_TASK INSTRUCTIONS:_
Your answer should be an exact copy of the lines from the start of the entries to the line containing "(* The first n blocks already", both included.

**********

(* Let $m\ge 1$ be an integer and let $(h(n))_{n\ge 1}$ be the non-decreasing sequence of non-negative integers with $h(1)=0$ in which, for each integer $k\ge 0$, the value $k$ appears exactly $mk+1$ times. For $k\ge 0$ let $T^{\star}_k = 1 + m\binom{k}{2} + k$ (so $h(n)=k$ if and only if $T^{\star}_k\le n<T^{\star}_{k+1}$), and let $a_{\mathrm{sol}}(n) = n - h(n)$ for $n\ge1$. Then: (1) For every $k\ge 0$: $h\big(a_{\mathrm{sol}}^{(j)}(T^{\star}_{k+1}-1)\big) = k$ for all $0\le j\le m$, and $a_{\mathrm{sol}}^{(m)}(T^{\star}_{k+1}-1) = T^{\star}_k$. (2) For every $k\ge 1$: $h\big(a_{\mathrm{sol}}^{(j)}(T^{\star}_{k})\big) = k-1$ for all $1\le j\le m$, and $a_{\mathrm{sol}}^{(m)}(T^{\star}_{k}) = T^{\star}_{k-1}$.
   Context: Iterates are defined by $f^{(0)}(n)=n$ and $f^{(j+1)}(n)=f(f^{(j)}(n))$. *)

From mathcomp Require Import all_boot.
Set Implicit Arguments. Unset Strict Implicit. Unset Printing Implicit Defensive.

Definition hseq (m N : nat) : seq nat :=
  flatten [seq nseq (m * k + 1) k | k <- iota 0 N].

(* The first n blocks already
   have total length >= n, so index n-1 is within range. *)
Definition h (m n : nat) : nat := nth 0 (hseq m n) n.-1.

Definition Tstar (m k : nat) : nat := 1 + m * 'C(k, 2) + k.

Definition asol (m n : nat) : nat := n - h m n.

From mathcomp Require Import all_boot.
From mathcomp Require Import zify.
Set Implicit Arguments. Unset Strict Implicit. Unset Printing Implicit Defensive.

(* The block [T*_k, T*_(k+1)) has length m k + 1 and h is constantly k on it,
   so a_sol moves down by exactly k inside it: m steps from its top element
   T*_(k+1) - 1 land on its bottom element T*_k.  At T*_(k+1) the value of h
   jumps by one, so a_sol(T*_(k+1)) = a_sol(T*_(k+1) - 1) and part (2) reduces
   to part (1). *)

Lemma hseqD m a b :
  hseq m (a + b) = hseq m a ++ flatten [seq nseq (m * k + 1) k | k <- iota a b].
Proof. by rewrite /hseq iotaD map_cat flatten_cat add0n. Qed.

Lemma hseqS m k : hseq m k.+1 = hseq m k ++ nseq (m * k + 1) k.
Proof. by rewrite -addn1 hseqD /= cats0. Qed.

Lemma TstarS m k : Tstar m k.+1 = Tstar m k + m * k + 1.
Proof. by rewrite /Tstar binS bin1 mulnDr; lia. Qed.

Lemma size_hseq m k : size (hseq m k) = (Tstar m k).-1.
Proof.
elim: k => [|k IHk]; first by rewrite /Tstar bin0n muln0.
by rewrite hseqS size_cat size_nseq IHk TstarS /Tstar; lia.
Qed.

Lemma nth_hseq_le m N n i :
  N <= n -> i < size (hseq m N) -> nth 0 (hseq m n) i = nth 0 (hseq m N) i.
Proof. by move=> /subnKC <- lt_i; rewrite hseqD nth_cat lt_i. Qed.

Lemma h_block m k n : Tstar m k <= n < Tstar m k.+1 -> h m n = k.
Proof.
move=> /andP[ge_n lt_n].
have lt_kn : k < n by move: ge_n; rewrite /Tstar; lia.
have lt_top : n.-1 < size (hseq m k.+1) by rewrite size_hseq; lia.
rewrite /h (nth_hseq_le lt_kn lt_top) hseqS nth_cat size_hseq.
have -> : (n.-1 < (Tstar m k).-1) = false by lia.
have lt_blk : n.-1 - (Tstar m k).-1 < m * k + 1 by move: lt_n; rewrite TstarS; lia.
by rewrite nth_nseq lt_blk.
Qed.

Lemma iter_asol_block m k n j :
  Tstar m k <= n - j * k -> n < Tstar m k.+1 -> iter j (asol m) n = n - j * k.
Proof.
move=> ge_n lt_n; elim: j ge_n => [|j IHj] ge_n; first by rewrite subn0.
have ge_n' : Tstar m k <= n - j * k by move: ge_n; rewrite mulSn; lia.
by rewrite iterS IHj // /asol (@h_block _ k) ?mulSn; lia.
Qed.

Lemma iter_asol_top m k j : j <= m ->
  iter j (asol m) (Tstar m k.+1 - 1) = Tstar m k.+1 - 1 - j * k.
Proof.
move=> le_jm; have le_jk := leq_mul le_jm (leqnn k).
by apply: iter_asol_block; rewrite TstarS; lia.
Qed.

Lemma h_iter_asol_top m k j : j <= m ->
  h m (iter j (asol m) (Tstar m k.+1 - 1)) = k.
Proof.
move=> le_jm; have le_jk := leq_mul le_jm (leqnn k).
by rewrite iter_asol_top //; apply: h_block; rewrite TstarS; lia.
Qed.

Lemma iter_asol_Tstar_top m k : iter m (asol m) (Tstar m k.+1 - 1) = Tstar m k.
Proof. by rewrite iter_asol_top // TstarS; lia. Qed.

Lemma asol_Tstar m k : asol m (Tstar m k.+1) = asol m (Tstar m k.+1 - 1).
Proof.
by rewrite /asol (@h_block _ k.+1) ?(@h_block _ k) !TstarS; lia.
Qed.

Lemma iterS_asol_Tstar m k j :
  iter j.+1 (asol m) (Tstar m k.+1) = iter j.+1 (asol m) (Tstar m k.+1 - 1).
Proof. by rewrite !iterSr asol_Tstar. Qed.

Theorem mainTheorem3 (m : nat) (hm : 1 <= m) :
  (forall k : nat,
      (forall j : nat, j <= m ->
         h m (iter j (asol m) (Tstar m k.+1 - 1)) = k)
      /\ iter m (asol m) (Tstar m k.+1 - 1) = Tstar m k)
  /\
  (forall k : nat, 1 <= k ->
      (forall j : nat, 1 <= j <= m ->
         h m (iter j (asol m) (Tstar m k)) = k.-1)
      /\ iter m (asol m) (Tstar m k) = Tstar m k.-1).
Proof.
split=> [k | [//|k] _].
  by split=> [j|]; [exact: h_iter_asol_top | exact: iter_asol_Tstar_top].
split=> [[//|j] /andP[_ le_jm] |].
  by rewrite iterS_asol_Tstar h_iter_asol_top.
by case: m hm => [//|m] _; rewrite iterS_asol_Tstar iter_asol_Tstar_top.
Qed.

**********

_FINAL ANSWER:_
(* Let $m\ge 1$ be an integer and let $(h(n))_{n\ge 1}$ be the non-decreasing sequence of non-negative integers with $h(1)=0$ in which, for each integer $k\ge 0$, the value $k$ appears exactly $mk+1$ times. For $k\ge 0$ let $T^{\star}_k = 1 + m\binom{k}{2} + k$ (so $h(n)=k$ if and only if $T^{\star}_k\le n<T^{\star}_{k+1}$), and let $a_{\mathrm{sol}}(n) = n - h(n)$ for $n\ge1$. Then: (1) For every $k\ge 0$: $h\big(a_{\mathrm{sol}}^{(j)}(T^{\star}_{k+1}-1)\big) = k$ for all $0\le j\le m$, and $a_{\mathrm{sol}}^{(m)}(T^{\star}_{k+1}-1) = T^{\star}_k$. (2) For every $k\ge 1$: $h\big(a_{\mathrm{sol}}^{(j)}(T^{\star}_{k})\big) = k-1$ for all $1\le j\le m$, and $a_{\mathrm{sol}}^{(m)}(T^{\star}_{k}) = T^{\star}_{k-1}$.
   Context: Iterates are defined by $f^{(0)}(n)=n$ and $f^{(j+1)}(n)=f(f^{(j)}(n))$. *)

From mathcomp Require Import all_boot.
Set Implicit Arguments. Unset Strict Implicit. Unset Printing Implicit Defensive.

Definition hseq (m N : nat) : seq nat :=
  flatten [seq nseq (m * k + 1) k | k <- iota 0 N].

(* The first n blocks already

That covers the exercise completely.